▶ [WORK ITEM]:
From the entries below, copy every line holding the word "destruct".

▶ [DATA EXCERPTS]:
==============================

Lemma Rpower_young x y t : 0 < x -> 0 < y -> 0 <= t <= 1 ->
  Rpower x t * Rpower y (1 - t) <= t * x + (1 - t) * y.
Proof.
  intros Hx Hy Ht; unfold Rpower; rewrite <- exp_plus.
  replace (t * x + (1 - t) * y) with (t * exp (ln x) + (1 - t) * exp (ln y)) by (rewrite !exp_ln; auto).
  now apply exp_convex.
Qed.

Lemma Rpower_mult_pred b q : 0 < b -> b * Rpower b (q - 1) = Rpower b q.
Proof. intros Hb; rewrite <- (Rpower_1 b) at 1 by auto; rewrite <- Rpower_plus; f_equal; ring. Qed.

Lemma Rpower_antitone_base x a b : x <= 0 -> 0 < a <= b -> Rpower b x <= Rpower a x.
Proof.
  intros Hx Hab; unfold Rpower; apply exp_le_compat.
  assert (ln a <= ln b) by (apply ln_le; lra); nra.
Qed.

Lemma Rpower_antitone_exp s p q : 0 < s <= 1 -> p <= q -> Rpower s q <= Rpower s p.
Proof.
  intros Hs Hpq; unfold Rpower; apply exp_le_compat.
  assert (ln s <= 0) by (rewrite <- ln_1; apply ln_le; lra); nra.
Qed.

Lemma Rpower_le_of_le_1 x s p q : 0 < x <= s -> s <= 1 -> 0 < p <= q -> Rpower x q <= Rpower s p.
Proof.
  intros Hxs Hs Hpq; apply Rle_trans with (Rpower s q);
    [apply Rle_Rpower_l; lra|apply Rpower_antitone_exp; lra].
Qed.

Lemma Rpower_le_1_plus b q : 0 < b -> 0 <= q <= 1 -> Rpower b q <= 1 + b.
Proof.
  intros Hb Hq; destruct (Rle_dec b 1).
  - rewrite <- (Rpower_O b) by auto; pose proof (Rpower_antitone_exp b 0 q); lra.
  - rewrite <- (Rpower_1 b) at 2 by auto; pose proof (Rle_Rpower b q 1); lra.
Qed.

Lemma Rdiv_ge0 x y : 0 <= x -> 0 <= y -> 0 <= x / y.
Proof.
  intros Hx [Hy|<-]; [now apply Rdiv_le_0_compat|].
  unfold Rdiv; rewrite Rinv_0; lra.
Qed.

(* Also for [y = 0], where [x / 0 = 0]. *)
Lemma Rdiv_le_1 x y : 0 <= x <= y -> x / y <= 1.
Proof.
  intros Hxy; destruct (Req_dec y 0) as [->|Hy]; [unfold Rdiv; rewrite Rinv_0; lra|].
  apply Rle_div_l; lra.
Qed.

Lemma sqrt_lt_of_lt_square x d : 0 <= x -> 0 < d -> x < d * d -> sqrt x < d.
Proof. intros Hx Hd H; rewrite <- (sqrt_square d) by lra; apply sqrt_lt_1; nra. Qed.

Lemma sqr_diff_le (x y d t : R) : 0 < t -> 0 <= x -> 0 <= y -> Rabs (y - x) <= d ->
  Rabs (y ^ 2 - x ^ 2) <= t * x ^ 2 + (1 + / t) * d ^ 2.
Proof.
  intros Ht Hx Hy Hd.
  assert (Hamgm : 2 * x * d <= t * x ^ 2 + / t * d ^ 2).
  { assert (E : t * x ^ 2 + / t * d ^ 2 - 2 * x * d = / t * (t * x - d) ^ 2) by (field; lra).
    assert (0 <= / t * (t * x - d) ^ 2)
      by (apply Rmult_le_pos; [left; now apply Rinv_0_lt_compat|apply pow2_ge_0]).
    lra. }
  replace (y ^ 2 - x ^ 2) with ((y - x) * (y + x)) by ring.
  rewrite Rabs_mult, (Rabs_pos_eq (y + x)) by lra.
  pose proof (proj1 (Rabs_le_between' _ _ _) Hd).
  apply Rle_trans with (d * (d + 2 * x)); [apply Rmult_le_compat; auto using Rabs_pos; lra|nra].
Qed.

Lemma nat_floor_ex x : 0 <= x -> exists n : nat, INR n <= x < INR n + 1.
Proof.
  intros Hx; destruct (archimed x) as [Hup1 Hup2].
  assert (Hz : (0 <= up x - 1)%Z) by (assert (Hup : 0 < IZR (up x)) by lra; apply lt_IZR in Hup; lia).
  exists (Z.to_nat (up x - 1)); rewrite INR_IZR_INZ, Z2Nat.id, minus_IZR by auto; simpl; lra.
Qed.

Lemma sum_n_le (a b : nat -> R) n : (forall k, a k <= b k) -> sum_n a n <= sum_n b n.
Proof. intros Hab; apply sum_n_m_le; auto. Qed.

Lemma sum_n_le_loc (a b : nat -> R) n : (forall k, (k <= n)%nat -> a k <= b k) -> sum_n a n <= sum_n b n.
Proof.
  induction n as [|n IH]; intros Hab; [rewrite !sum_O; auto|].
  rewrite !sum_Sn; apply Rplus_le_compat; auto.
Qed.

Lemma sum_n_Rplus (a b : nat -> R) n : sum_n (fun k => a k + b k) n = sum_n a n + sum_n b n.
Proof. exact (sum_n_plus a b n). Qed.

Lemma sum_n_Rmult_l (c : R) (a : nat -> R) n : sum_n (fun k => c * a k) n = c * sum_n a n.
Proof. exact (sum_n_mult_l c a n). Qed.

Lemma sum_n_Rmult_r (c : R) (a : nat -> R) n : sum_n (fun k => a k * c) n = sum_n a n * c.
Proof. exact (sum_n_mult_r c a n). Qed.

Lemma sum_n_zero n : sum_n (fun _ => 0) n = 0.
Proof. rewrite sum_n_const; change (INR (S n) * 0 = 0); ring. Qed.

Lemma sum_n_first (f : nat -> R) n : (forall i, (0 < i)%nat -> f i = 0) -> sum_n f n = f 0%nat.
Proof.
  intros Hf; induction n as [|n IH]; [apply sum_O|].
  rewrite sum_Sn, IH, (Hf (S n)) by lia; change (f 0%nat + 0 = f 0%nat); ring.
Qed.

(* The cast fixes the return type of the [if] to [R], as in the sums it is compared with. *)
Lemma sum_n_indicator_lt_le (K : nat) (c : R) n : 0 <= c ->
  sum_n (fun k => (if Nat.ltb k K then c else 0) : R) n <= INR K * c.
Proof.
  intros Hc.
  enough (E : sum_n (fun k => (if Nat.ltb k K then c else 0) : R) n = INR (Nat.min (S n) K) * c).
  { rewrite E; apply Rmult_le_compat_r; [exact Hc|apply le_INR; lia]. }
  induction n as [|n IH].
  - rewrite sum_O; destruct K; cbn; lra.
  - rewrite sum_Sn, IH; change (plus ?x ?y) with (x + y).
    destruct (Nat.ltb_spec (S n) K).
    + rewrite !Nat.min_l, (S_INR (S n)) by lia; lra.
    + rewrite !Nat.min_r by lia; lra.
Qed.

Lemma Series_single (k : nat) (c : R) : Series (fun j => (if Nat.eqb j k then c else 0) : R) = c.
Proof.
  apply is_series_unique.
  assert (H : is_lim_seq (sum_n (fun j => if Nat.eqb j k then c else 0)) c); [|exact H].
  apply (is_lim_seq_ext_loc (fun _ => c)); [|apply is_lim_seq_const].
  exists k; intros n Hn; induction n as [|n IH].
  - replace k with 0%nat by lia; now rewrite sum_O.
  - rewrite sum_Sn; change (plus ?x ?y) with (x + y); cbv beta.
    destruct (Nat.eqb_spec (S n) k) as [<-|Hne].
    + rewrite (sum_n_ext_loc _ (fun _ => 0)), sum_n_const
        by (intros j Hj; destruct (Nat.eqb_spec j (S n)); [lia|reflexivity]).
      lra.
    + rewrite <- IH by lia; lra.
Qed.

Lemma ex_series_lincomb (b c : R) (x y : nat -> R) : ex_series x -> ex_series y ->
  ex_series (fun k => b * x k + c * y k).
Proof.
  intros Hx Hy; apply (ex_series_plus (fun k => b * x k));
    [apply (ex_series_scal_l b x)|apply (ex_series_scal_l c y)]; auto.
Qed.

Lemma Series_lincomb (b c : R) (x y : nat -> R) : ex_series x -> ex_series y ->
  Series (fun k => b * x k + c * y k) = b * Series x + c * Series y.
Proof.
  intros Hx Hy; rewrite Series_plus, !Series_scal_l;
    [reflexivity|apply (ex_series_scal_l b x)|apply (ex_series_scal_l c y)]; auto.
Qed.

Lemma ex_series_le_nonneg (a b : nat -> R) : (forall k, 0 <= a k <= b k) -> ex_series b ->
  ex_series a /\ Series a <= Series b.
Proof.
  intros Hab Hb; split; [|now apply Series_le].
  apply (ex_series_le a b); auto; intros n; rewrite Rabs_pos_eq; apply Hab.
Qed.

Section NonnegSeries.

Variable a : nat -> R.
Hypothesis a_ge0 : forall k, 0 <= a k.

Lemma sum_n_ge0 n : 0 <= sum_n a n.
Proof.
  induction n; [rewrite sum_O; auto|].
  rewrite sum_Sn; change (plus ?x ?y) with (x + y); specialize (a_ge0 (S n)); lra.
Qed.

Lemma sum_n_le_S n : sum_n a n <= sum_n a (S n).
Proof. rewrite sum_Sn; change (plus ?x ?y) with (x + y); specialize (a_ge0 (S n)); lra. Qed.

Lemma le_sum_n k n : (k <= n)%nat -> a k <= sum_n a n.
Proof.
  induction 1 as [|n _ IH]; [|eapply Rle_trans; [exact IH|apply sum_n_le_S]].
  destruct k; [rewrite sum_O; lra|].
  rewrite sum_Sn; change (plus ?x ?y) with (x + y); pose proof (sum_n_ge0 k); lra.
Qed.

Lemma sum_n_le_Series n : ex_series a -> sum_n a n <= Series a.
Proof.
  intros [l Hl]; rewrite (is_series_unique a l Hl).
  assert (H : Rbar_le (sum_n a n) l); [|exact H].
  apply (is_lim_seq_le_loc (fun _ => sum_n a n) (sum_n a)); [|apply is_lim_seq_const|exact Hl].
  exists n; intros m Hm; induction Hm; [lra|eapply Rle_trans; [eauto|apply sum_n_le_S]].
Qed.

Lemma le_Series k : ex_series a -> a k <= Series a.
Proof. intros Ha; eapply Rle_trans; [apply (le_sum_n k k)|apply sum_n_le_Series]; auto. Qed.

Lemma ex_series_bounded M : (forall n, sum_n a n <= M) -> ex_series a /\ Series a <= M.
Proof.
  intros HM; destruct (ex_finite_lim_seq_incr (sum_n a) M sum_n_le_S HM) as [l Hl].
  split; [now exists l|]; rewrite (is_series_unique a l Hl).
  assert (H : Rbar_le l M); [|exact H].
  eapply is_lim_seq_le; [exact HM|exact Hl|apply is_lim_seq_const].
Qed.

==============================

▶ [RESPONSE BELOW]:
  intros Hb Hq; destruct (Rle_dec b 1).
  intros Hxy; destruct (Req_dec y 0) as [->|Hy]; [unfold Rdiv; rewrite Rinv_0; lra|].
  intros Hx; destruct (archimed x) as [Hup1 Hup2].
  - rewrite sum_O; destruct K; cbn; lra.
    destruct (Nat.ltb_spec (S n) K).
    destruct (Nat.eqb_spec (S n) k) as [<-|Hne].
        by (intros j Hj; destruct (Nat.eqb_spec j (S n)); [lia|reflexivity]).
  destruct k; [rewrite sum_O; lra|].
  intros HM; destruct (ex_finite_lim_seq_incr (sum_n a) M sum_n_le_S HM) as [l Hl].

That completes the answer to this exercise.